2. That conceding that the decision is not conclusive as to the distribution—or would not be, aside from the conduct of the present plaintiff,—yet his appearance in court, and his acceptance of the distributive share, rendered it so. Norton v. Cook, 9 Conn. R. 321. Clay v. Smith, 3 Pet. R. 411. Van Hook v. Whitlock, 26 Wend. 54.
3. That the defendant was not liable to be sued here for the property in his possession, in an action at law. Currie, admr. of Newby v. Bircham & al., exrs. of Moore, 1 Dowl. & Ry. 35. (16 E. C. L. 15.) Sto. Conf. L. sec. 514. a. 514. b.—also p. 432. n. Select-men of Boston v.

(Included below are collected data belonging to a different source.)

(* Consider the delayed online learning protocol of the context. Let $(U_t)_{t\in\{1,\dots,T\}}$ be a non-decreasing sequence of positive numbers with $U_t\ge L_t$ for all $t$. Fix $r>0$ and $p\in\mathcal X$ with $h(p)\le r^2$. Then running DDA with $\eta_t=r/\sqrt{U_t}$ gives \[R_T(p)\le 2r\sqrt{U_T}.\]
   Context: Let $\mathcal V$ be a finite-dimensional real vector space with norm $\|\cdot\|$ and dual norm $\|\cdot\|_*$, and $\mathcal X\subset\mathcal V$ closed convex. A regularizer $h:\mathcal V\to\mathbb R\cup\{+\infty\}$ is lower semicontinuous, $1$-strongly convex w.r.t. $\|\cdot\|$ on $\mathcal X$, with $\mathcal X\subset\operatorname{dom}h$, whose subdifferential admits a continuous selection, and $h\ge0$. Protocol: at each round $t=1,\dots,T$ one agent $i(t)$ is active, plays $x_t\in\mathcal X$, incurs $f_t(x_t)$ ($f_t$ convex, $\mathcal X\subset\operatorname{dom}\partial f_t$); a subgradient $g_t\in\partial f_t(x_t)$ is revealed later. $\mathcal S^i_t\subset\{1,\dots,t-1\}$: timestamps of subgradients available to agent $i$ at time $t$, nondecreasing in $t$; $\mathcal S_t=\mathcal S^{i(t)}_t$, $\mathcal U_t=\{1,\dots,t-1\}\setminus\mathcal S_t$. DDA: $x_t=\arg\min_{x\in\mathcal X}\{\sum_{s\in\mathcal S_t}\langle g_s,x\rangle+h(x)/\eta_t\}$. Regret: $R_T(p)=\sum_tf_t(x_t)-\sum_tf_t(p)$. Lag: $L_t=\sum_{s=1}^t\big(\|g_s\|_*^2+2\|g_s\|_*\sum_{q\in\mathcal U_s}\|g_q\|_*\big)$. *)

From HB Require Import structures.
From mathcomp Require Import all_boot all_order all_algebra.
From mathcomp Require Import all_classical all_reals all_analysis.
Set Implicit Arguments. Unset Strict Implicit. Unset Printing Implicit Defensive.
Import Order.TTheory GRing.Theory Num.Theory.
Import numFieldNormedType.Exports.
Local Open Scope classical_set_scope.
Local Open Scope ring_scope.

Section Defs.
Context {R : realType} {n : nat}.
Local Notation V := 'rV[R]_n.

(* duality pairing <g, x>; the dual space of 'rV_n is identified with 'rV_n *)
Definition dotp (g x : V) : R := \sum_(i < n) g 0 i * x 0 i.

Definition is_norm (N : V -> R) : Prop :=
  [/\ forall x, N x = 0 -> x = 0,
      forall (a : R) x, N (a *: x) = `|a| * N x &
      forall x y, N (x + y) <= N x + N y].

Definition dual_norm (N : V -> R) (g : V) : R :=
  sup [set dotp g x | x in [set x | N x <= 1]].

Definition convex_efun (f : V -> \bar R) : Prop :=
  forall x y (l : R), 0 < l < 1 ->
    (f (l *: x + (1 - l) *: y)%R <= l%:E * f x + (1 - l)%:E * f y)%E.

Definition subdiff (f : V -> \bar R) (x : V) : set V :=
  [set g | f x \is a fin_num /\ forall y, (f x + (dotp g (y - x)%R)%:E <= f y)%E].

Definition dom_subdiff (f : V -> \bar R) : set V :=
  [set x | exists g, subdiff f x g].

Definition strongly_convex_on (N : V -> R) (X : set V) (h : V -> \bar R) : Prop :=
  forall x y (l : R), X x -> X y -> 0 <= l <= 1 ->
    (h (l *: x + (1 - l) *: y)%R <=
       l%:E * h x + (1 - l)%:E * h y - (l * (1 - l) / 2 * N (x - y) ^+ 2)%:E)%E.

Definition continuous_subgrad_selection (h : V -> \bar R) : Prop :=
  exists s : V -> V, (forall x, dom_subdiff h x -> subdiff h x (s x)) /\
                     {within dom_subdiff h, continuous s}.

End Defs.

From HB Require Import structures.
From mathcomp Require Import all_boot all_order all_algebra.
From mathcomp Require Import all_classical all_reals all_analysis.
From mathcomp Require Import ring lra zify.
From Stdlib Require Import Lia.

(* Write Psi_t(y) = sum_(s < t) <g_s, y> + kappa_t h(y) for the full-information
   dual-averaging objective, kappa_t = 1 / eta_t, and Phi_t = Psi_t - <C_t, .> for the objective
   that DDA minimizes, C_t being the sum of the subgradients still unavailable at time t.  Both
   are kappa_t-strongly convex, so the minimizer x_t of Phi_t lies within c_t / kappa_t of the
   minimizer of Psi_t, where c_t bounds ||C_t||_*.  Passing from inf Psi_t to inf Psi_(t+1)
   through x_t therefore loses at most (||g_t||_*^2 / 2 + ||g_t||_* c_t) / kappa_t, and
   telescoping gives R_T(p) <= kappa_T h(p) + sum_t (||g_t||_*^2 / 2 + ||g_t||_* c_t) / kappa_t.
   With kappa_t = sqrt(U_t) / r the first term is at most r sqrt(U_T), and so is the sum, since
   sum_t a_t / sqrt(a_1 + ... + a_t) <= 2 sqrt(a_1 + ... + a_T). *)

Set Implicit Arguments.
Unset Strict Implicit.
Unset Printing Implicit Defensive.
Import Order.TTheory GRing.Theory Num.Theory.
Import numFieldNormedType.Exports.
Local Open Scope classical_set_scope.
Local Open Scope ring_scope.

Section RealFacts.
Variable R : realFieldType.
Implicit Types a c d e M Z : R.

Lemma ge0_of_small_slack M Z :
  (forall e, 0 < e <= 1 -> - (e * M) <= Z) -> 0 <= Z.
Proof.
move=> slack; apply/ler_addgt0Pr => e e0.
have M1 : 0 < `|M| + 1 by rewrite ltr_pwDr // normr_ge0.
set d := Num.min 1 (e / (`|M| + 1)).
have d0 : 0 < d by rewrite lt_min ltr01 divr_gt0.
have d1 : d <= 1 by rewrite ge_min lexx.
have dM : d * (`|M| + 1) <= e by rewrite -ler_pdivlMr // ge_min lexx orbT.
have := slack d; rewrite d0 d1 => /(_ isT).
have : d * M <= d * `|M| by rewrite ler_pM2l // ler_norm.
nra.
Qed.

Lemma le_quadratic_root a c d e : 0 < a -> 0 <= c -> 0 <= e ->
  a * d ^+ 2 <= c * d + a * e ^+ 2 -> d <= c / a + e.
Proof.
move=> a0 c0 e0 quad; rewrite leNgt; apply/negP => lt_d.
have ca0 : 0 <= c / a by exact: divr_ge0 c0 (ltW a0).
have ad_gt : a * e < a * d - c.
  have : a * (c / a + e) < a * d by rewrite ltr_pM2l.
  by rewrite mulrDr mulrCA divff ?gt_eqF // mulr1; lra.
have d_gt : e < d by lra.
have : e * (a * d - c) < d * (a * d - c) by rewrite ltr_pM2r //; nra.
have : a * e ^+ 2 <= e * (a * d - c) by rewrite expr2 mulrA (mulrC a) -mulrA ler_wpM2l //; lra.
nra.
Qed.

End RealFacts.

Section SqrtSum.
Variable R : realType.

Lemma sqrt_increment (S a u : R) : 0 <= S -> 0 <= a -> S + a <= u ->
  2 * Num.sqrt S + a / Num.sqrt u <= 2 * Num.sqrt (S + a).
Proof.
move=> S0 a0 Su.
have [->|a_neq0] := eqVneq a 0; first by rewrite mul0r !addr0.
have a_gt0 : 0 < a by rewrite lt_def a_neq0.
set s := Num.sqrt S; set s' := Num.sqrt (S + a).
have s0 : 0 <= s by exact: sqrtr_ge0.
have s'0 : 0 < s' by rewrite sqrtr_gt0; lra.
have ss : s ^+ 2 = S by rewrite sqr_sqrtr.
have ss' : s' ^+ 2 = S + a by rewrite sqr_sqrtr //; lra.
have le_u : a / Num.sqrt u <= a / s'.
  rewrite ler_wpM2l // lef_pV2 ?posrE ?ler_sqrt //; try lra.
  by rewrite sqrtr_gt0; lra.
suff : a / s' <= 2 * (s' - s) by lra.
rewrite ler_pdivrMr //; have := sqr_ge0 (s' - s); nra.
Qed.

Lemma sum_div_sqrt_le (a u : nat -> R) (T : nat) :
  (forall t, (1 <= t <= T)%N -> 0 <= a t) ->
  (forall t, (1 <= t <= T)%N -> \sum_(1 <= s < t.+1) a s <= u t) ->
  \sum_(1 <= t < T.+1) a t / Num.sqrt (u t) <= 2 * Num.sqrt (\sum_(1 <= t < T.+1) a t).
Proof.
elim: T => [|T IH] a_ge0 a_le_u; first by rewrite !big_geq // sqrtr0 mulr0.
rewrite big_nat_recr //= [X in _ <= 2 * Num.sqrt X]big_nat_recr //=.
have IH' := IH (fun t tT => a_ge0 t (ltac:(lia))) (fun t tT => a_le_u t (ltac:(lia))).
apply: le_trans (lerD IH' (lexx _)) _; apply: sqrt_increment.
- by rewrite big_nat_cond sumr_ge0 // => t /andP[tT _]; apply: a_ge0; lia.
- by apply: a_ge0; lia.
- by rewrite -big_nat_recr //=; apply: a_le_u; lia.
Qed.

Boylston, 2 Mass. R. 384. Goodwin v. Jones, 3 Mass. R. 514. Davis v. Estey, 8 Pick. 475. Dawes v. Head, 3 Pick. 128 Doolittle v. Lewis, 7 Johns. Ch. R. 45. 47.
Toucey and T. C. Perkins, contra,
remarked, that Holcomb, the present plaintiff, being administrator, by the laws of this state, had, of course, prima facie right to the property of the deceased, which he found here. They then contended, 1. That the deceased being domiciled here, as the jury have found, the plaintiff’s right superseded that of the New-York administrator.

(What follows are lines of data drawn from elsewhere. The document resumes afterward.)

(* first-order condition: [t |-> |h - p - t m|^2] is minimal at [t = 0] *)
Lemma nearest_point_orth (M : set V) h p : lin_subspace M -> M p ->
  (forall m, M m -> `|h - p| ^+ 2 <= `|h - m| ^+ 2) ->
  forall m, M m -> IP (h - p) m = 0.
Proof.
move=> [_ MD] Mp p_min m Mm.
set g := IP (h - p) m; set b := `|m| ^+ 2.
have quad t : 0 <= - 2 * t * g + t ^+ 2 * b.
  have := p_min _ (MD t m p Mm Mp).
  rewrite (_ : h - (t *: m + p) = (h - p) - t *: m); last by rewrite opprD addrA addrAC.
  rewrite (sqr_normB IP (h - p)) normrZ exprMn real_normK ?num_real // ipZr -/g -/b.
  lra.
have b_ge0 : 0 <= b by rewrite exprn_ge0.
set s := (b + 1)^-1.
have s_gt0 : 0 < s by rewrite invr_gt0; lra.
have sb_lt1 : s * b < 1.
  have : s * (b + 1) = 1 by rewrite mulVf //; lra.
  lra.
have : g ^+ 2 * s <= 0 by have := quad (g * s); nra.
by move=> g2s; apply/eqP; rewrite -sqrf_eq0 eq_le sqr_ge0 andbT; nra.
Qed.

End Projection.

Section Hilbert.
Context {R : realType} {V : completeNormedModType R} (IP : inner_product V).

Lemma exists_nearest_point {M : set V} h : lin_subspace M -> seq_closed M ->
  exists2 p, M p & forall m, M m -> `|h - p| ^+ 2 <= `|h - m| ^+ 2.
Proof.
move=> [M0 MD] Mcl.
pose S := [set `|h - m| ^+ 2 | m in M].
have infS : has_inf S.
  by split; [exists (`|h - 0| ^+ 2), 0 | exists 0 => _ [m _ <-]; exact: exprn_ge0].
set d := inf S.
have d_le m : M m -> d <= `|h - m| ^+ 2.
  by move=> Mm; apply: ge_inf; [case: infS | exists m].
have /choice [mm mmP] : forall n : nat,
    exists m, M m /\ `|h - m| ^+ 2 < d + harmonic n.
  move=> n; have [_ [m Mm <-]] := inf_adherent (harmonic_gt0 n) infS.
  by exists m.
have M_mid x z : M x -> M z -> M (2^-1 *: x + 2^-1 *: z).
  by move=> Mx Mz; apply: (MD) => //; rewrite -[_ *: z]addr0; exact: MD.
(* parallelogram law, using that the midpoint of [mm i] and [mm j] lies in [M] *)
have mm_cauchy i j : `|mm i - mm j| ^+ 2 <= 2 * harmonic i + 2 * harmonic j.
  have [Mi lti] := mmP i; have [Mj ltj] := mmP j.
  have := d_le _ (M_mid _ _ Mi Mj).
  rewrite !(sqr_normB IP) in lti ltj *.
  rewrite -!(ip_norm IP) !(ipDl, ipDr, ipZl, ipZr) in lti ltj *.
  by have := ip_sym IP (mm j) (mm i); lra.
have /cvg_ex [p mm_p] : cvgn mm.
  apply: (@cvgn_sqr_dist_le _ _ _ (fun n => 2 * harmonic n) _ mm_cauchy).
  by rewrite -[0](mulr0 2); exact: cvgM (cvg_cst _) cvg_harmonic.
have Mp : M p by apply: Mcl mm_p => n; case: (mmP n).
exists p => // m Mm; apply: le_trans (d_le _ Mm).
rewrite -[X in _ <= X]addr0.
apply: (ler_cvg_to (a := \oo) (f := fun n => `|h - mm n| ^+ 2) (g := fun n => d + harmonic n)).
- by apply: (@cvg_sqr_norm _ _ (fun n => h - mm n)); exact: cvgB (cvg_cst _) mm_p.
- exact: cvgD (cvg_cst _) cvg_harmonic.
- by near=> n; exact: ltW (mmP n).2.
Unshelve. all: by end_near. Qed.

Lemma orth_projection {M : set V} h : lin_subspace M -> seq_closed M ->
  exists2 p, M p & forall m, M m -> IP (h - p) m = 0.
Proof.
move=> Msub Mcl; have [p Mp p_min] := exists_nearest_point h Msub Mcl.
by exists p => //; exact: nearest_point_orth.
Qed.

End Hilbert.

Section LinearFunctional.
Context {R : realType} {V : normedModType R} {f : V -> R}.
Hypothesis f_lin : forall a x y, f (a *: x + y) = a * f x + f y.

Lemma lfun0 : f 0 = 0.
Proof. by have := f_lin 1 0 0; rewrite scale1r addr0 mul1r; lra. Qed.

Lemma lfunZ a x : f (a *: x) = a * f x.
Proof. by have := f_lin a x 0; rewrite addr0 lfun0 addr0. Qed.

Lemma lfunB x y : f (x - y) = f x - f y.
Proof. by rewrite addrC -scaleN1r f_lin; lra. Qed.

Lemma lfun_cvg (u : nat -> V) x : (exists C, forall z, `|f z| <= C * `|z|) ->
  u @ \oo --> x -> (fun n => f (u n)) @ \oo --> f x.
Proof.
move=> [C f_le] ux; apply/cvgrPdist_lt => e e_gt0.
have C1_gt0 : 0 < `|C| + 1 by rewrite ltr_wpDl.
near=> n; rewrite -lfunB; apply: le_lt_trans (f_le _) _.
have : `|x - u n| < e / (`|C| + 1).
  by near: n; exact: cvgr_dist_lt _ _ ux _ (divr_gt0 e_gt0 C1_gt0).
rewrite ltr_pdivlMr // => lt; apply: le_lt_trans lt.
by rewrite mulrC ler_wpM2l // (le_trans (ler_norm C)) // lerDl.
Unshelve. all: by end_near. Qed.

2. That the surrogate’s proceedings were inadmissible, on the trial, as evidence of the domicil of the deceased. 1 Stark. Ev. 191. Deneale v. Stump’s exrs. 8 Pet. R. 328. 340. Aldrich v. Kinney, 4 Conn. R. 380. 382. & seq. Osgood v. Manhattan Company, 3 Cowen, 612. Borden v. Fitch, 15 Johns. R. 121. 141.
3. That if those proceedings were admissible in evidence, they were no bar to proceedings in our courts. They could not preclude our courts from acting on the question, by anticipating the action of our courts. The question of jurisdiction is always open. Elliott v. Peirsol, 1 Pet. R. 328. 340. Aldrich v. Kinney, 4 Conn. R. 382. Hall v. Williams, 6 Pick. 232. 243. Campbell v. Tousey, 7 Cowen, 64. Glenn v. Smith, 2 Gill & Johns. 493.
4. That the plaintiff’s appearance in the surrogate’s court to contest the legality of its proceedings, and his subsequent acceptance of a distributive share, constituted no waiver of his rights. Martin v. Fales, 6 Shep. R. 23.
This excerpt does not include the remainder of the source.